The angle detection error sampling section 224 samples the waveform of the detection error difference and outputs angle detection error information. For example, the angle detection error sampling unit 224 samples one rotation of the mechanical angle at equal intervals with respect to the sensor detection angle θs of the rotation angle sensor 50, except for the detection error estimated value (mechanical angle) Δθm, which is the detection error difference. .

Then, the detection error component calculation unit 225 calculates the detection error component included in the detected rotation angle based on the angle detection error information. For example, the detection error component calculation section 225 calculates the amplitude and phase of each pulsation order based on the angle detection error information sampled by the angle detection error sampling section 224, and the sensor detection error correction section 226 calculates the amplitude and phase of each pulsation order.
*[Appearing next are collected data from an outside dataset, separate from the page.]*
Lemma upper_box_dim_gt E (t : R) : (t%:E < upper_box_dim d E)%E ->
  (exists x, E x) /\ forall r, 0 < r ->
    exists2 delta, 0 < delta < r & (t%:E < box_ratio d E delta)%E.
Proof.
rewrite /upper_box_dim; case: ifPn => [_|nE]; first by rewrite ltNge leNye.
move=> ht; split=> [|r r0]; first exact/set0P.
have : (t%:E < ereal_sup [set box_ratio d E delta | delta in
            [set delta : R | (0 < delta < r)%R]])%E.
  by apply: (lt_le_trans ht); apply: ereal_inf_lbound; exists r.
by move=> /ereal_sup_gt [_ [delta hd <-] h]; exists delta.
Qed.

Lemma upper_box_dim_ge E (t : R) : (exists x, E x) ->
  (forall r, 0 < r ->
    exists2 delta, 0 < delta < r & (t%:E <= box_ratio d E delta)%E) ->
  (t%:E <= upper_box_dim d E)%E.
Proof.
move=> nE h; rewrite /upper_box_dim ifN; last exact/set0P.
apply: le_ereal_inf_tmp => _ [r r0 <-].
have [delta hd hr] := h r r0.
by apply: le_trans hr _; apply: ereal_sup_ubound; exists delta.
Qed.

End BoxDim.

Lemma ln_double_ratio_ge (R : realType) (s e : R) : 0 < e ->
  exists2 r, 0 < r <= 1/2 & forall delta, 0 < delta < r ->
    s - e <= (s * - ln (2 * delta)) / - ln delta.
Proof.
move=> e0; exists (Num.min (1/2) (expR (- (`|s| * ln 2) / e))).
  by rewrite lt_min expR_gt0 ge_min lexx andbT; apply/andP; split; lra.
move=> delta /andP[d0]; rewrite lt_min => /andP[dh dex].
have lnd : ln delta < 0 by apply: ln_lt0; rewrite d0 /=; lra.
have ln2 : 0 < ln (2 : R) by apply: ln_gt0; lra.
have h1 : ln delta < - (`|s| * ln 2) / e.
  by rewrite -[X in _ < X]expRK ltr_ln ?posrE ?expR_gt0.
have h2 : `|s| * ln 2 < e * - ln delta.
  by move: h1; rewrite ltr_pdivlMr // => h1; lra.
have h3 : s * ln 2 <= `|s| * ln 2 by rewrite ler_pM2r // ler_norm.
by rewrite lnM ?posrE // ler_pdivlMr; lra.
Qed.

Section ProductPiece.
Variables (R : realType) (X Y : Type) (dX : X -> X -> R) (dY : Y -> Y -> R).
Hypotheses (dX_metric : is_metric dX) (dY_metric : is_metric dY).
Variables (A : set X) (B : X -> set Y) (F : set (X * Y)).
Hypothesis AB_sub_F : forall x y, A x -> B x y -> F (x, y).

Lemma box_ratio_prod_ge (al be delta : R) : 0 < delta -> 2 * delta < 1 ->
  covering_gt dX A (2 * delta) (expR (al * - ln (2 * delta))) ->
  (forall x, A x -> covering_gt dY (B x) (2 * delta) (expR (be * - ln (2 * delta)))) ->
  ((((al + be) * - ln (2 * delta)) / - ln delta)%:E
     <= box_ratio (max_metric dX dY) F delta)%E.
Proof.
move=> d0 d1 hA hB.
set KA := expR (al * - ln (2 * delta)).
set KB := expR (be * - ln (2 * delta)).
have KA0 : 0 < KA by apply: expR_gt0.
have KB0 : 0 < KB by apply: expR_gt0.
have sA : separated dX A delta (Num.truncn KA).+1.
  by apply: covering_gt_separated => //; apply: covering_gtW hA; rewrite truncn_le ltW.
have sB x : A x -> separated dY (B x) delta (Num.truncn KB).+1.
  move=> Ax; apply: covering_gt_separated => //; apply: covering_gtW (hB x Ax).
  by rewrite truncn_le ltW.
have sF := separated_prod AB_sub_F (ltn0Sn _) (ltn0Sn _) sA sB.
have hF : covering_gt (max_metric dX dY) F delta (KA * KB).
  move=> n cn; have := separated_coverable_le sF cn.
  rewrite -(ler_nat R) natrM; apply: lt_le_trans.
  by apply: ltr_pM; rewrite ?truncnS_gt // ltW.
have := covering_gt_box_ratio _ _ hF; rewrite d0 mulr_gt0 //=.
move=> /(_ ltac:(lra) isT).
by rewrite lnM ?posrE // !expRK -mulrDl.
Qed.

Lemma fibre_nonempty (be r : R) : 0 < r -> (exists x, A x) ->
  (forall x, A x -> forall delta, 0 < delta < r ->
     covering_gt dY (B x) delta (expR (be * - ln delta))) ->
  exists p, F p.
Proof.
move=> r0 [x Ax] hB.
have r2 : 0 < r / 2 < r by apply/andP; split; lra.
have [y Bxy] := covering_gt_nonempty (ltW (expR_gt0 _)) (hB x Ax _ r2).
by exists (x, y); apply: AB_sub_F.
Qed.

Lemma lower_box_dim_prod_ge (al be r : R) : 0 < r ->
  (al%:E < lower_box_dim dX A)%E ->
  (forall x, A x -> forall delta, 0 < delta < r ->
     covering_gt dY (B x) delta (expR (be * - ln delta))) ->
  ((al + be)%:E <= lower_box_dim (max_metric dX dY) F)%E.
Proof.
move=> r0 /lower_box_dim_gt [nA [ra ra0 hA]] hB.
apply/lee_subgt0Pr => e e0; rewrite -EFinB.
have [r1 /andP[r10 r1h] hs] := ln_double_ratio_ge (al + be) e0.
apply: (@lower_box_dim_ge _ _ _ _ _ (Num.min r1 (Num.min (ra / 2) (r / 2)))).
- exact: fibre_nonempty r0 nA hB.
- by rewrite !lt_min r10 /=; apply/andP; split; lra.
move=> delta /andP[dp]; rewrite !lt_min => /and3P[dr1 dra dr].
apply: le_trans (box_ratio_prod_ge _ _ _ _) => //.
- by rewrite lee_fin; apply: hs; rewrite dp dr1.
- lra.
- apply: box_ratio_gt_covering nA _; first by apply/andP; split; lra.
  by apply: hA; apply/andP; split; lra.
- by move=> x Ax; apply: hB => //; apply/andP; split; lra.
Qed.

Lemma upper_box_dim_prod_ge (al be r : R) : 0 < r ->
  (al%:E < upper_box_dim dX A)%E ->
  (forall x, A x -> forall delta, 0 < delta < r ->
     covering_gt dY (B x) delta (expR (be * - ln delta))) ->
  ((al + be)%:E <= upper_box_dim (max_metric dX dY) F)%E.
Proof.
move=> r0 /upper_box_dim_gt [nA hA] hB.
apply/lee_subgt0Pr => e e0; rewrite -EFinB.
have [r1 /andP[r10 r1h] hs] := ln_double_ratio_ge (al + be) e0.
apply: upper_box_dim_ge; first exact: fibre_nonempty r0 nA hB.
move=> eps eps0.
have [ra /andP[ra0]] := hA (Num.min (2 * eps) (Num.min (2 * r1) r))
   ltac:(rewrite !lt_min; apply/and3P; split; lra).
rewrite !lt_min => /and3P[rae rar1 rar] hr.
exists (ra / 2); first by apply/andP; split; lra.
apply: le_trans (box_ratio_prod_ge _ _ _ _) => //.
- by rewrite lee_fin; apply: hs; apply/andP; split; lra.
- lra.
- lra.
- have -> : 2 * (ra / 2) = ra by lra.
  by apply: box_ratio_gt_covering nA hr; apply/andP; split; lra.
- by move=> x Ax; apply: hB => //; apply/andP; split; lra.
Qed.

End ProductPiece.

Section UpperBoxUnion.
Variables (R : realType) (T : Type) (d : T -> T -> R).

Let often_covering_gt (C : set T) (t c : R) :=
  forall r, 0 < r -> exists2 delta, 0 < delta < Num.min r (Num.min 1 c) &
    covering_gt d C delta (expR (t * - ln delta - ln 2)).

(* Losing a factor 2 in N_delta costs ln 2 / |ln delta| <= e in the ratio
   once delta < exp (- ln 2 / e). *)
Lemma upper_box_dim_ge_often (C : set T) (t e : R) : 0 < e ->
  often_covering_gt C t (expR (- ln 2 / e)) -> ((t - e)%:E <= upper_box_dim d C)%E.
Proof.
move=> e0 hC; have ln2 : 0 < ln (2 : R) by apply: ln_gt0; lra.
apply: upper_box_dim_ge.
  have [delta _ hE] := hC 1 ltr01.
  exact: covering_gt_nonempty (ltW (expR_gt0 _)) hE.
move=> r r0; have [delta /andP[dp]] := hC r r0.
rewrite !lt_min => /and3P[dr d1 dc] hE.
exists delta; first by rewrite dp dr.
have hd : 0 < delta < 1 by rewrite dp d1.
apply: le_trans (covering_gt_box_ratio hd (expR_gt0 _) hE).
have lnd : ln delta < 0 by apply: ln_lt0.
have : ln delta < - ln 2 / e by rewrite -[X in _ < X]expRK ltr_ln ?posrE ?expR_gt0.
rewrite ltr_pdivlMr // => h1.
by rewrite lee_fin expRK ler_pdivlMr; lra.
Qed.

Lemma upper_box_dim_setU (A B : set T) :
  (upper_box_dim d (A `|` B) <=
   Order.max (upper_box_dim d A) (upper_box_dim d B))%E.
Proof.
apply: le_ereal_lt_real => t /upper_box_dim_gt [nAB h].
apply/lee_subgt0Pr => e e0; rewrite -EFinB.
set c := expR (- ln 2 / e).
have [HA|HB] : often_covering_gt A t c \/ often_covering_gt B t c.
- apply: boolp.contrapT => /boolp.not_orP [].
  move=> /boolp.existsNP [rA /boolp.not_implyP [rA0 nA]].
  move=> /boolp.existsNP [rB /boolp.not_implyP [rB0 nB]].
  have [delta /andP[dp]] := h (Num.min (Num.min rA rB) (Num.min 1 c))
    ltac:(by rewrite !lt_min rA0 rB0 ltr01 expR_gt0).
  rewrite !lt_min => /andP[/andP[dA dB] /andP[d1 dc]] hr.
  have hd : 0 < delta < 1 by rewrite dp d1.
  have := box_ratio_gt_covering hd nAB hr.
  have -> : expR (t * - ln delta) =
            expR (t * - ln delta - ln 2) + expR (t * - ln delta - ln 2).
    by rewrite expRD expRN lnK ?posrE // -splitr.
  case/covering_gt_setU => hE.
  + by apply: nA; exists delta; rewrite // !lt_min dp dA d1 dc.
  + by apply: nB; exists delta; rewrite // !lt_min dp dB d1 dc.
- by rewrite le_max (upper_box_dim_ge_often e0 HA).
- by rewrite le_max (upper_box_dim_ge_often e0 HB) orbT.
Qed.

Lemma upper_box_dim_bigsetU (E : nat -> set T) N :
  (upper_box_dim d (fun p => exists2 n, (n <= N)%N & E n p) <=
   ereal_sup [set upper_box_dim d (E n) | n in [set: nat]])%E.
Proof.
elim: N => [|N IH].
  have -> : (fun p => exists2 n, (n <= 0)%N & E n p) = E 0%N.
    apply/seteqP; split => p /=; first by move=> [n]; rewrite leqn0 => /eqP->.
    by exists 0%N.
  by apply: ereal_sup_ubound; exists 0%N.
have -> : (fun p => exists2 n, (n <= N.+1)%N & E n p) =
    (fun p => exists2 n, (n <= N)%N & E n p) `|` E N.+1.
  apply/seteqP; split => p /=.
    move=> [n]; rewrite leq_eqVlt => /orP[/eqP->|]; first by right.
    by rewrite ltnS => nN En; left; exists n.
  by move=> [[n nN En]|EN]; [exists n => //; apply: leqW|exists N.+1].
apply: le_trans (upper_box_dim_setU _ _) _.
by rewrite ge_max IH /=; apply: ereal_sup_ubound; exists N.+1.
Qed.

End UpperBoxUnion.

Lemma ereal_inf_sup_gt (R : realType) (I : Type) (P : set I)
    (f : I -> nat -> \bar R) (i : I) (t : \bar R) :
  (t < ereal_inf [set ereal_sup [set f j n | n in [set: nat]] | j in P])%E ->
  P i -> exists n, (t < f i n)%E.
Proof.
move=> ht Pi.
have : (t < ereal_sup [set f i n | n in [set: nat]])%E.
  by apply: lt_le_trans ht _; apply: ereal_inf_lbound; exists i.
by move=> /ereal_sup_gt [_ [n _ <-] h]; exists n.
Qed.

Section PackingPiece.
Variables (R : realType) (T : Type) (d : T -> T -> R).
Variables (t : R) (En : nat -> set T).
Hypothesis En_cover : forall p, exists n, En n p.

Lemma packing_dim_gt_piece : (t%:E < packing_dim d setT)%E ->
  exists n, (t%:E < upper_box_dim d (En n))%E.
Proof.
move=> ht; apply: (ereal_inf_sup_gt (f := fun En n => upper_box_dim d (En n)) ht).
by move=> p _; have [n Enp] := En_cover p; exists n.
Qed.

Lemma lower_packing_dim_gt_piece : (t%:E < lower_packing_dim d setT)%E ->
  exists n, (t%:E < lower_box_dim d (En n))%E.
Proof.
move=> ht; apply: (ereal_inf_sup_gt (f := fun En n => lower_box_dim d (En n)) ht).
by move=> p _; have [n Enp] := En_cover p; exists n.
Qed.

Lemma directed_lower_packing_dim_gt_piece : (forall n, En n `<=` En n.+1) ->
  (t%:E < directed_lower_packing_dim d setT)%E ->
  exists n, (t%:E < lower_box_dim d (En n))%E.
Proof.
move=> En_incr ht.
apply: (ereal_inf_sup_gt (f := fun En n => lower_box_dim d (En n)) ht).
split=> //; apply/seteqP; split => p //= _.
by have [n Enp] := En_cover p; exists n.
Qed.

End PackingPiece.

(* The scale threshold is taken of the form 1/(k+1) so that it can serve as
   a countable label. *)
Lemma lower_box_dim_gt_covering (R : realType) (T : Type) (d : T -> T -> R)
    (C : set T) (t : R) : (t%:E < lower_box_dim d C)%E ->
  exists k : nat, forall delta, 0 < delta < k.+1%:R^-1 ->
    covering_gt d C delta (expR (t * - ln delta)).
Proof.
move=> /lower_box_dim_gt [nC [r r0 h]].
exists (Num.truncn r^-1) => delta /andP[dp dk].
have kr : (Num.truncn r^-1).+1%:R^-1 < r.
  by rewrite invf_plt ?posrE ?ltr0Sn // truncnS_gt.
have k1 : (Num.truncn r^-1).+1%:R^-1 <= 1 :> R.
  by rewrite invr_le1 ?unitfE ?pnatr_eq0 // ?ltr0Sn // ler1n.
apply: box_ratio_gt_covering nC (h _ _).
  by rewrite dp /=; apply: lt_le_trans dk k1.
by rewrite dp /=; apply: lt_trans kr.
Qed.

Lemma subset_chain_le (T : Type) (Fn : nat -> set T) :
  (forall n, Fn n `<=` Fn n.+1) -> forall n m, (n <= m)%N -> Fn n `<=` Fn m.
Proof.
move=> Fn_incr n; elim=> [|m IH]; first by rewrite leqn0 => /eqP->.
by rewrite leq_eqVlt => /orP[/eqP->//|]; rewrite ltnS => /IH h p /h /Fn_incr.
Qed.

Section Fibres.
Variables (R : realType) (X Y : Type) (dY : Y -> Y -> R).
Variables (E : nat -> set (X * Y)) (be : R).
Hypothesis E_cover : forall p, exists n, E n p.

Definition fibre (F : set (X * Y)) (x : X) : set Y := [set y | F (x, y)].

Lemma directed_fibre_threshold : (forall n, E n `<=` E n.+1) ->
  (be%:E < directed_lower_packing_dim dY setT)%E ->
  exists g : X -> nat, forall x m, (g x <= m)%N ->
    forall delta, 0 < delta < m.+1%:R^-1 ->
      covering_gt dY (fibre (E m) x) delta (expR (be * - ln delta)).
Proof.
move=> E_incr hbe.
suff : forall x, exists m0 : nat, forall m, (m0 <= m)%N ->
    forall delta, 0 < delta < m.+1%:R^-1 ->
      covering_gt dY (fibre (E m) x) delta (expR (be * - ln delta)).
  by move=> /boolp.choice [g hg]; exists g.
move=> x; have [n hn] := directed_lower_packing_dim_gt_piece (En := fun n => fibre (E n) x)
  (fun y => E_cover (x, y)) (fun n y => @E_incr n (x, y)) hbe.
have [k hk] := lower_box_dim_gt_covering hn.
exists (maxn n k) => m hm delta /andP[dp dm] N [F [F1 F2]].
have hd : 0 < delta < k.+1%:R^-1.
  by rewrite dp /= (lt_le_trans dm) // lef_pV2 ?posrE ?ltr0Sn // ler_nat; lia.
apply: (hk _ hd); exists F; split => // y Ey; apply: F1.
by apply: (subset_chain_le E_incr (n := n)) => //; lia.
Qed.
The rotation synchronous pulsation component of is removed.

The speed/angle calculation unit 20A according to the second embodiment described above can calculate the rotation angle and rotation speed without using any position sensor other than the rotation angle sensor 50. Therefore, the motor control device 10 including the speed/angle calculation section 20A shifts to position sensorless control when a failure of the rotation angle sensor 50 occurs. Then, the motor control device 10 continues to control the motor 40 using the position sensorless estimated speed ωe and the position sensorless estimated angle θe (electrical angle), and can ensure redundancy of the motor control device 10.

[Third embodiment]
Next, a configuration example and an operation example of the speed/angle calculation section 20B according to the third embodiment of the present invention will be described with reference to FIG. 6.
FIG. 6 is a block diagram showing a configuration example of the speed/angle calculation section 20B according to the third embodiment. The speed/angle calculation unit 20B replaces the speed/angle calculation unit 20 included in the motor control device 10 according to the first embodiment shown in FIG. The speed/angle calculation unit 20B according to the third embodiment has a function of calculating the rotation speed and angle by switching between the rotation speed detected by the rotation angle sensor 50 and the rotation speed estimated without a position sensor. .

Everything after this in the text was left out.